The researchers printed an array of dozens of electrodes onto a thin, flexible film. They discharged a very small current between the electrodes to create a spatial map of the underlying tissue based upon the flow of electricity at different frequencies, a technique called impedance spectroscopy.
The researchers pointed out that a cell's membrane is relatively impermeable when functioning properly, thus acting like an insulator to the cell's conductive contents and drawing the comparison to a capacitor. As a cell starts to die, the integrity of the cell wall starts to break down, allowing electrical signals to leak through, much like a resistor.
"Our device is a comprehensive demonstration that tissue health in a living organism can be locally mapped using impedance spectroscopy," says study lead author Sarah Swisher, a PhD candidate in electrical engineering and computer sciences at UC Berkeley.

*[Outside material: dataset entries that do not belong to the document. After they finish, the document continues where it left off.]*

Lemma descent_lemma y v Lc : lipschitz_along y v Lc ->
  forall s, f (y + s *: v) <= f y + s * dot (grad f y) v + Lc / 2 * s ^+ 2.
Proof.
move=> hL s; set c := dot (grad f y) v.
pose psi t := dot (grad f (y + t *: v)) v.
(* [h] is written point-free so that the [is_derive] instances apply. *)
pose h : R -> R := (fun t => f (y + t *: v)) - c *: (@id R)
                   - (Lc / 2) *: ((@id R) * (@id R)).
have hE t : h t = f (y + t *: v) - t * c - Lc / 2 * t ^+ 2.
  by rewrite /h !fctE /= expr2; congr (_ - _ - _); exact: mulrC.
have h'E t : is_derive t 1 h (psi t - c - Lc * t).
  apply: is_derive_eq; first by do 2 apply: is_deriveB; exact: is_derive_along.
  by rewrite /psi -[c%:A]/(c * 1) -[(id t)%:A]/(t * 1) -[(Lc / 2) *: _]/(Lc / 2 * _) !mulr1; field.
have hcont a b : {within `[a, b], continuous h}.
  by apply: derivable_within_continuous => t _; case: (h'E t).
have psi_dev t : - (Lc * `|t|) <= psi t - c <= Lc * `|t|.
  by rewrite -ler_norml; have := hL t 0; rewrite subr0 scale0r addr0.
suff : h s <= h 0 by rewrite !hE scale0r addr0 mul0r expr0n /= mulr0 !subr0; lra.
case: (ltgtP s 0) => [s_lt0|s_gt0|->] //.
- have [t /[1!in_itv] /= /andP [st t0] mvt] := MVT s_lt0 (fun t _ => h'E t) (hcont s 0).
  by have := psi_dev t; rewrite ltr0_norm //; nra.
- have [t /[1!in_itv] /= /andP [t0 ts] mvt] := MVT s_gt0 (fun t _ => h'E t) (hcont 0 s).
  by have := psi_dev t; rewrite gtr0_norm //; nra.
Qed.

Lemma armijo_fail_step_lb gamma y d Lc t : lipschitz_along y d Lc ->
  0 < t -> ~ armijo f gamma y d t ->
  2 * (1 - gamma) * - dot (grad f y) d < Lc * t.
Proof.
move=> hL t_gt0 /negP; rewrite -ltNge => fail.
have := lt_le_trans fail (descent_lemma hL t).
rewrite -(ltr_pM2r t_gt0); set c := dot _ _; nra.
Qed.

End Descent.

Lemma fine_min_scale (R : realType) (e : \bar R) (G Av D : R) :
  (0 <= e)%E -> 0 < G -> 0 < Av ->
  D = fine (Order.min (e * (G^-1)%:E) Av%:E)%E ->
  [/\ 0 <= D, ((D * G)%:E <= e)%E & D = Av \/ (e <= (D * G)%:E)%E].
Proof.
case: e => [r| |] //=; rewrite ?lee_fin => e_ge0 G_gt0 Av_gt0 ->.
- rewrite -EFinM -EFin_min /=.
  have [le_rAv|lt_Avr] := leP (r * G^-1) Av.
    by rewrite divfK ?gt_eqF //; split; [rewrite divr_ge0 // ltW | | right].
  by split; [exact: ltW | rewrite -ler_pdivlMr // ltW | left].
- rewrite gt0_mulye ?lte_fin ?invr_gt0 // min_r ?leey //=.
  by split; [exact: ltW | | left].
Qed.

Lemma EFin_between_segment (R : realType) (lo hi : \bar R) (c t s : R) :
  0 <= s <= 1 -> (lo <= c%:E <= hi)%E -> (lo <= (c + t)%:E <= hi)%E ->
  (lo <= (c + s * t)%:E <= hi)%E.
Proof.
move=> /andP[s_ge0 s_le1] /andP[lo_c c_hi] /andP[lo_ct ct_hi].
have [t_ge0|t_lt0] := leP 0 t; apply/andP; split.
- by apply: le_trans lo_c _; rewrite lee_fin; nra.
- by apply: le_trans ct_hi; rewrite lee_fin; nra.
- by apply: le_trans lo_ct _; rewrite lee_fin; nra.
- by apply: le_trans c_hi; rewrite lee_fin; nra.
Qed.

Section Step.
Variables (R : realType) (n : nat) (f : 'rV[R]_n -> R) (l u : 'I_n -> \bar R).
Implicit Types (z v : 'rV[R]_n) (j q h : 'I_n) (a Av D gamma delta : R).

Lemma gdir_swap z j q : gdir f z q j = - gdir f z j q.
Proof. by rewrite /gdir opprB. Qed.

Lemma Delta_swap z j q Av : Delta f l u z q j Av = Delta f l u z j q Av.
Proof.
rewrite /Delta /abar gdir_swap oppr_gt0 oppr_lt0 normrN.
have [g_gt0|g_lt0|//] := ltgtP 0 (gdir f z j q).
  by rewrite gtr0_norm // (minC ((z 0 j)%:E - l j)%E).
by rewrite ltr0_norm // (minC (u j - (z 0 j)%:E)%E).
Qed.

Lemma step_coord z j q a h :
  (z + a *: ddir f z j q) 0 h = z 0 h + a * gdir f z j q * ((h == q)%:R - (h == j)%:R).
Proof. by rewrite /ddir /uvec !mxE mulrA. Qed.

Lemma dot_grad_ddir z j q : dot (grad f z) (ddir f z j q) = - gdir f z j q ^+ 2.
Proof. by rewrite /ddir dotZ dotB !dot_uvec /gdir !mxE; ring. Qed.

Lemma Delta_pos_spec z j q Av : 0 < Av -> 0 < gdir f z j q ->
  ((z 0 q)%:E <= u q)%E -> (l j <= (z 0 j)%:E)%E ->
  let D := Delta f l u z j q Av in let g := gdir f z j q in
  [/\ 0 <= D, ((z 0 q + D * g)%:E <= u q)%E, (l j <= (z 0 j - D * g)%:E)%E
    & D = Av \/ (u q <= (z 0 q + D * g)%:E)%E \/ ((z 0 j - D * g)%:E <= l j)%E].
Proof.
move=> Av_gt0 g_gt0 zq_le lj_le D g.
set a := (u q - (z 0 q)%:E)%E; set b := ((z 0 j)%:E - l j)%E.
have ab_ge0 : (0 <= Order.min a b)%E by rewrite le_min !sube_ge0 ?zq_le ?lj_le ?orbT.
have DE : D = fine (Order.min (Order.min a b * (g^-1)%:E) Av%:E)%E.
  by rewrite /D /Delta /abar -/g g_gt0.
have [D_ge0 DG_le hit] := fine_min_scale ab_ge0 g_gt0 Av_gt0 DE.
move: DG_le; rewrite le_min => /andP[DG_le_a DG_le_b].
split => //.
- by rewrite EFinD -leeBrDl.
- by rewrite EFinB leeBrDr // -lee_suber_addl.
case: hit => [->|]; first by left.
rewrite ge_min => /orP[a_le|b_le]; right; [left | right].
- by rewrite EFinD -lee_subel_addl.
- by rewrite EFinB leeBlDr // -lee_subel_addl.
Qed.

Lemma armijo0 gamma z v : armijo f gamma z v 0.
Proof. by rewrite /armijo scale0r addr0 mulr0 mul0r addr0. Qed.

Lemma linesearch_cases gamma delta z v D a : linesearch f gamma delta z v D a ->
  a = D \/ exists m, a = delta * (delta ^+ m * D) /\ ~ armijo f gamma z v (delta ^+ m * D).
Proof.
case=> -[|m] [-> [_ fail]]; first by left; rewrite expr0 mul1r.
by right; exists m; split; [rewrite exprS mulrA | exact: fail].
Qed.

Section OneStep.
Variables (z : 'rV[R]_n) (j q : 'I_n) (Av : R).
Hypothesis Av_gt0 : 0 < Av.
Hypothesis z_in : forall h, (l h <= (z 0 h)%:E <= u h)%E.

Local Notation g := (gdir f z j q).
Local Notation D := (Delta f l u z j q Av).
Local Notation d := (ddir f z j q).

Lemma gdir_neq0_neq : g != 0 -> q != j.
Proof. by apply: contra_neq => ->; rewrite /gdir subrr. Qed.

Lemma step_coord_q a : (z + a *: d) 0 q = z 0 q + a * g.
Proof.
rewrite step_coord eqxx; have [->|_] := eqVneq q j; last by rewrite subr0 mulr1.
by rewrite /gdir subrr !(mulr0, mul0r, addr0).
Qed.

Lemma step_coord_j a : (z + a *: d) 0 j = z 0 j - a * g.
Proof.
rewrite step_coord eqxx; have [->|_] := eqVneq j q; last by rewrite sub0r mulrN1.
by rewrite /gdir subrr !(mulr0, mul0r, subr0, addr0).
Qed.

Lemma step_coord_other a h : h != q -> h != j -> (z + a *: d) 0 h = z 0 h.
Proof. by move=> /negbTE hq /negbTE hj; rewrite step_coord hq hj subrr mulr0 addr0. Qed.

Lemma Delta_spec : g != 0 ->
  [/\ 0 <= D, (l q <= (z 0 q + D * g)%:E <= u q)%E
    & [\/ D = Av, ~ (l j < (z 0 j - D * g)%:E < u j)%E
        | forall y, (l q <= y%:E <= u q)%E -> g * (y - (z 0 q + D * g)) <= 0]].
Proof.
case/andP: (z_in q) => lq_le zq_le; case/andP: (z_in j) => lj_le zj_le.
rewrite neq_lt => /orP[g_lt0|g_gt0].
- (* Swapping [j] and [q] flips the sign of [g] and leaves [Delta] unchanged. *)
  have g'_gt0 : 0 < gdir f z q j by rewrite gdir_swap oppr_gt0.
  have [D_ge0 zj'_le lq_le' hit] := Delta_pos_spec Av_gt0 g'_gt0 zj_le lq_le.
  rewrite Delta_swap gdir_swap !mulrN ?opprK in D_ge0 zj'_le lq_le' hit.
  split => //.
    rewrite lq_le' /=; apply: le_trans zq_le; rewrite lee_fin gerDl.
    exact: mulr_ge0_le0 D_ge0 (ltW g_lt0).
  case: hit => [->|[uj_le|lq_ge]]; [exact: Or31 | apply: Or32 | apply: Or33].
    by case/andP => _; rewrite ltNge uj_le.
  by move=> y /andP[ly _]; rewrite nmulr_rle0 // subr_ge0 -lee_fin (le_trans lq_ge ly).
- have [D_ge0 zq'_le _ hit] := Delta_pos_spec Av_gt0 g_gt0 zq_le lj_le.
  split => //.
    rewrite zq'_le andbT; apply: le_trans lq_le _; rewrite lee_fin lerDl.
    exact: mulr_ge0 D_ge0 (ltW g_gt0).
  case: hit => [->|[uq_le|lj_ge]]; [exact: Or31 | apply: Or33 | apply: Or32].
    by move=> y /andP[_ yu]; rewrite pmulr_rle0 // subr_le0 -lee_fin (le_trans yu uq_le).
  by case/andP; rewrite ltNge lj_ge.
Qed.

Lemma step_in_box gamma delta a : 0 <= delta <= 1 ->
  linesearch f gamma delta z d D a ->
  (l j < ((z + a *: d) 0 j)%:E < u j)%E ->
  forall h, (l h <= ((z + a *: d) 0 h)%:E <= u h)%E.
Proof.
move=> /andP[delta_ge0 delta_le1] [m [aE _]] zj'_in h.
have [g_eq0|g_neq0] := eqVneq g 0.
  by rewrite /ddir g_eq0 scale0r scaler0 addr0.
have [D_ge0 zq'_in _] := Delta_spec g_neq0.
have [->|hj] := eqVneq h j; first by case/andP: zj'_in => /ltW-> /ltW->.
have [->|hq] := eqVneq h q; last by rewrite step_coord_other.
rewrite step_coord_q aE -mulrA; apply: EFin_between_segment (z_in q) zq'_in.
by rewrite exprn_ge0 ?exprn_ile1.
Qed.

To mimic a pressure wound, the researchers gently squeezed the bare skin of rats between two magnets. They left the magnets in place for one or three hours while the rats resumed normal activity. The resumption of blood flow after the magnets were removed caused inflammation and oxidative damage that accelerated cell death. The smart bandage was used to collect data once a day for at least three days to track the progress of the wounds.
The smart bandage was able to detect changes in electrical resistance consistent with increased membrane permeability, a mark of a dying cell. Not surprisingly, one hour of pressure produced mild, reversible tissue damage while three hours of pressure produced more serious, permanent injury.
"One of the things that makes this work novel is that we took a comprehensive approach to understanding how the technique could be used to observe developing wounds in complex tissue," says Swisher. "In the past, people have used impedance spectroscopy for cell cultures or relatively simple measurements in tissue. What makes this unique is extending that to detect and extract useful information from wounds developing in the body. That's a big leap."
Maharbiz says the outlook for this and other smart bandage research is bright.
"As technology gets more and more miniaturized, and as we learn more and more about the responses the body has to disease and injury, we're able to build bandages that are very intelligent," he says. "You can imagine a future where the bandage you or a physician puts on could actually report a lot of interesting information that could be used to improve patient care."
Other lead researchers on the project include Vivek Subramanian and Ana Claudia Arias, both faculty members in UC Berkeley's Department of Electrical Engineering and Computer Sciences; and Shuvo Roy, a UCSF professor of bioengineering. Additional co-authors include Amy Liao and Monica Lin, both UC Berkeley PhD students in bioengineering; and Yasser Khan, a UC Berkeley PhD student in electrical engineering and computer sciences, who fabricated the sensor array.
Study co-author Dr. David Young, UCSF professor of surgery, is now heading up a clinical trial of this bandage.
The project is funded through the Flexible Resorbable Organic and Nanomaterial Therapeutic Systems (FRONTS) program of the National Science Foundation.